Copy exactly, and only, the lines from the one containing "move=> x'X /andP" through the last line of the records below.

Excerpted data:
════════════════
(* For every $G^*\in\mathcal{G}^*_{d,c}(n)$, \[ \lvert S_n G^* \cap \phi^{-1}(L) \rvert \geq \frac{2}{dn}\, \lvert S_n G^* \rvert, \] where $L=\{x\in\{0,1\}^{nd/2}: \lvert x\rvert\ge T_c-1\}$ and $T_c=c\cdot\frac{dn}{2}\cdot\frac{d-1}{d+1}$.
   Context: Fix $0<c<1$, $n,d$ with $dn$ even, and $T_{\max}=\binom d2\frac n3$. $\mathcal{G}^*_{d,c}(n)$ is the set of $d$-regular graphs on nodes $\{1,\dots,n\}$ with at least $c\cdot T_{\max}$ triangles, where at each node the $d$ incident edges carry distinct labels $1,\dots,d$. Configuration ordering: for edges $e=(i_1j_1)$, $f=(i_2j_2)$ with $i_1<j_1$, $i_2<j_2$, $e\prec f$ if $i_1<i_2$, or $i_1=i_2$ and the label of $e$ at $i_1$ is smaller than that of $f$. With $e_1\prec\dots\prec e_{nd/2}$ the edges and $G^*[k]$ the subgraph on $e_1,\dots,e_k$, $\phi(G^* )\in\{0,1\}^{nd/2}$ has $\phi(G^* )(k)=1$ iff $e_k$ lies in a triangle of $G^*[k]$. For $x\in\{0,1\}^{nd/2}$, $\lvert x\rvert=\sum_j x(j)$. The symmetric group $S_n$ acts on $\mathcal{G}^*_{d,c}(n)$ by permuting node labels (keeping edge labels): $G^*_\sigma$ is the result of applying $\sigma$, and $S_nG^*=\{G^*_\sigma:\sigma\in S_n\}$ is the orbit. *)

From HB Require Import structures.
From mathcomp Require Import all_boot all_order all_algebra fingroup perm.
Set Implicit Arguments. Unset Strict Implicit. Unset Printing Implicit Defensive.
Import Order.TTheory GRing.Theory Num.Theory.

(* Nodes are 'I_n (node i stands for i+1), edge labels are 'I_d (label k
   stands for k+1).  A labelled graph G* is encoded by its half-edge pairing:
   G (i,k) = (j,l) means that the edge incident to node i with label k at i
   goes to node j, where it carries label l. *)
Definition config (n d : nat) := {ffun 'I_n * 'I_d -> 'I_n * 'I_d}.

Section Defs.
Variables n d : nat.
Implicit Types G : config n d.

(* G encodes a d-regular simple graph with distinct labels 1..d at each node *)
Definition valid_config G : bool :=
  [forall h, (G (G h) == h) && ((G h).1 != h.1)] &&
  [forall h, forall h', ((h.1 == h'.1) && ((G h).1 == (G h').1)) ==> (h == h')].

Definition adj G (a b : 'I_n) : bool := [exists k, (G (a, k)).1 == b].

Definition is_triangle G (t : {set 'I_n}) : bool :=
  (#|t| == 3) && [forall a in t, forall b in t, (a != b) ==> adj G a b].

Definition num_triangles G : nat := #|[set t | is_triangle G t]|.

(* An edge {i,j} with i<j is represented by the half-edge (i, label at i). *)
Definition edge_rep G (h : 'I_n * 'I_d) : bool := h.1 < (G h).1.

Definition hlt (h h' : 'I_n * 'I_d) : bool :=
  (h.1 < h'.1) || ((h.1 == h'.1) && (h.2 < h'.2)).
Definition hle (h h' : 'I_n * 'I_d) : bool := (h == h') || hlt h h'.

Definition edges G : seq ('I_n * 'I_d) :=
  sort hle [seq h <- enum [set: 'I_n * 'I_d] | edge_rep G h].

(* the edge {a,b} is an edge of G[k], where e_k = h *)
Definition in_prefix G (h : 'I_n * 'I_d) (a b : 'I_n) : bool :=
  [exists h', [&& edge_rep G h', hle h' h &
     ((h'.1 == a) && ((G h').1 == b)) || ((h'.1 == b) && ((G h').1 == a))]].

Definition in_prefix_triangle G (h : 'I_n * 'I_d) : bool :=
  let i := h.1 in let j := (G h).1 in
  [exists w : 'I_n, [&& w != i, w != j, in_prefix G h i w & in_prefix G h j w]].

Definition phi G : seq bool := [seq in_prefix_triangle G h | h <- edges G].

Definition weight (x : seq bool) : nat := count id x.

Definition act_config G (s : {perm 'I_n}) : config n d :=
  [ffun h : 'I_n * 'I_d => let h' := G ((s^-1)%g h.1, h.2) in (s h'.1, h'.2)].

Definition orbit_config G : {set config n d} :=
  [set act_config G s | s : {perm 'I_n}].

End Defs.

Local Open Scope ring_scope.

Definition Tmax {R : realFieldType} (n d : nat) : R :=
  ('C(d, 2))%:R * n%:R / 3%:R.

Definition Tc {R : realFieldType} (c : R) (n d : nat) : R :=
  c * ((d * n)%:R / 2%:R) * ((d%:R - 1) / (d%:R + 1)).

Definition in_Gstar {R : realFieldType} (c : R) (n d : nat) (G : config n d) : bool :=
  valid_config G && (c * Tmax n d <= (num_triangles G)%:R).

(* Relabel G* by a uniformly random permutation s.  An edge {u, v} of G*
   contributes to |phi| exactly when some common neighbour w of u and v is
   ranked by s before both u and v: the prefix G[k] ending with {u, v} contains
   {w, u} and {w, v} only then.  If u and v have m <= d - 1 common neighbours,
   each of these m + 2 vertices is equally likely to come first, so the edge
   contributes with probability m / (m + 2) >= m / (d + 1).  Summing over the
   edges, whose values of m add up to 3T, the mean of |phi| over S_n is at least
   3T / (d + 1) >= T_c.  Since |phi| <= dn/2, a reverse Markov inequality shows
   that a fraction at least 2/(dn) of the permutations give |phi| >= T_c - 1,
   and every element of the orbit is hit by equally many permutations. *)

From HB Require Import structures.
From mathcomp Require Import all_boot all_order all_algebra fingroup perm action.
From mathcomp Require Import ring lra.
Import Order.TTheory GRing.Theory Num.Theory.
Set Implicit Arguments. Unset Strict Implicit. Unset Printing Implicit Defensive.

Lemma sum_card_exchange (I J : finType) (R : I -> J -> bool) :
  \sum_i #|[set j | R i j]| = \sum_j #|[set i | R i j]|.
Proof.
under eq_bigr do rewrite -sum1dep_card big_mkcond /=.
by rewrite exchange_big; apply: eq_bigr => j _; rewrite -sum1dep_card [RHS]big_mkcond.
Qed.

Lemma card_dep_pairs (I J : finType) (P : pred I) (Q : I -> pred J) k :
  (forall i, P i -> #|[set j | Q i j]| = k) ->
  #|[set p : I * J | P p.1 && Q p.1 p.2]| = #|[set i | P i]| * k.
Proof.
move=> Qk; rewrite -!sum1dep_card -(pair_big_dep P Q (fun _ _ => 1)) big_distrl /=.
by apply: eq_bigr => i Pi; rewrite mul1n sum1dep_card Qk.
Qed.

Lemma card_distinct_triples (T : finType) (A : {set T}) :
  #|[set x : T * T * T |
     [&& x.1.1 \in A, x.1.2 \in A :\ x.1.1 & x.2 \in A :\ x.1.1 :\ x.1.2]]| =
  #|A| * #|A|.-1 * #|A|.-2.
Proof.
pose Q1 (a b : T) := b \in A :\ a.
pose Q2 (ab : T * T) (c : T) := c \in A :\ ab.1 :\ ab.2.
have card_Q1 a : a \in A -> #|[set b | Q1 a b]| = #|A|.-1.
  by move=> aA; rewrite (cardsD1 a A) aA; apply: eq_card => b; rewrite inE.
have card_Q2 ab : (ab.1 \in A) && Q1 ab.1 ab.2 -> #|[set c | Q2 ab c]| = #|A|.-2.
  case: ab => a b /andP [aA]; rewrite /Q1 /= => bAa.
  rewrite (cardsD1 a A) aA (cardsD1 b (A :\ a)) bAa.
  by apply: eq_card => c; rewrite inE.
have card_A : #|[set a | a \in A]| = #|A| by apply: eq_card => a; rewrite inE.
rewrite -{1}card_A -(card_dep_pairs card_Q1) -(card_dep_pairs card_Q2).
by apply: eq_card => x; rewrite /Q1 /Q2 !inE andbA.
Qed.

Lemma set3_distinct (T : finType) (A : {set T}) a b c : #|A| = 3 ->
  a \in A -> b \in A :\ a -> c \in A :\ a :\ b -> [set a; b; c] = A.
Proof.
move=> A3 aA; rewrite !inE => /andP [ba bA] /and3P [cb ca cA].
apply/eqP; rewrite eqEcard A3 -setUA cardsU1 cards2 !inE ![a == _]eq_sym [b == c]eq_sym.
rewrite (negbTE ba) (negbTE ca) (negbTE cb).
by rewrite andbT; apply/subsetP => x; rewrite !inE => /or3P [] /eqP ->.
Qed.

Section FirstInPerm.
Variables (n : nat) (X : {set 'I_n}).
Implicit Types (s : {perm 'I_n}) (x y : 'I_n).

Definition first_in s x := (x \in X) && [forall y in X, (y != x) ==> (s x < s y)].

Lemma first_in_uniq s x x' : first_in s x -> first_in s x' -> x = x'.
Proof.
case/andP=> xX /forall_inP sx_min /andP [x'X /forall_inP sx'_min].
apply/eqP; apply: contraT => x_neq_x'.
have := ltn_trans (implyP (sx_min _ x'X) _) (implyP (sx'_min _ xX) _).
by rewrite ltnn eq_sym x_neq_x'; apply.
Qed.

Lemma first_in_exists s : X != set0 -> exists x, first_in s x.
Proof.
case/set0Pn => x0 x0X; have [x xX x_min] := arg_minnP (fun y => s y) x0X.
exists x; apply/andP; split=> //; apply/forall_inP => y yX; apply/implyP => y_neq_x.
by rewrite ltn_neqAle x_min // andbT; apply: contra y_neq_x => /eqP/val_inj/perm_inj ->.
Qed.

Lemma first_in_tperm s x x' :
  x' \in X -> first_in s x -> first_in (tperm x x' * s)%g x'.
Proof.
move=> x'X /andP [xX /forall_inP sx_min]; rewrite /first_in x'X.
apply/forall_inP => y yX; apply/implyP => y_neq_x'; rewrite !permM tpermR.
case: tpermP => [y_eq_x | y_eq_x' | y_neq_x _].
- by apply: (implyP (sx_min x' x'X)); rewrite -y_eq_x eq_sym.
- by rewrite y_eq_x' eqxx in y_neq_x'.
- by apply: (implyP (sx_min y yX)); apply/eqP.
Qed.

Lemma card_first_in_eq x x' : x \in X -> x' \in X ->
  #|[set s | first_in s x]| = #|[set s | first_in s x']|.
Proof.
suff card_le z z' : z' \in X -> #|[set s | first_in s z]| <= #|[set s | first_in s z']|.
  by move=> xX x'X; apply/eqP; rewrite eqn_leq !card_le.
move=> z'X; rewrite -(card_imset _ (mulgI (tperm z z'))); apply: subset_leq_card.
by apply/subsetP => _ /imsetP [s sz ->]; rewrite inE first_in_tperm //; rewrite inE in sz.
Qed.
════════════════
Response box:
move=> x'X /andP [xX /forall_inP sx_min]; rewrite /first_in x'X.
apply/forall_inP => y yX; apply/implyP => y_neq_x'; rewrite !permM tpermR.
case: tpermP => [y_eq_x | y_eq_x' | y_neq_x _].
- by apply: (implyP (sx_min x' x'X)); rewrite -y_eq_x eq_sym.
- by rewrite y_eq_x' eqxx in y_neq_x'.
- by apply: (implyP (sx_min y yX)); apply/eqP.
Qed.

Lemma card_first_in_eq x x' : x \in X -> x' \in X ->
  #|[set s | first_in s x]| = #|[set s | first_in s x']|.
Proof.
suff card_le z z' : z' \in X -> #|[set s | first_in s z]| <= #|[set s | first_in s z']|.
  by move=> xX x'X; apply/eqP; rewrite eqn_leq !card_le.
move=> z'X; rewrite -(card_imset _ (mulgI (tperm z z'))); apply: subset_leq_card.
by apply/subsetP => _ /imsetP [s sz ->]; rewrite inE first_in_tperm //; rewrite inE in sz.
Qed.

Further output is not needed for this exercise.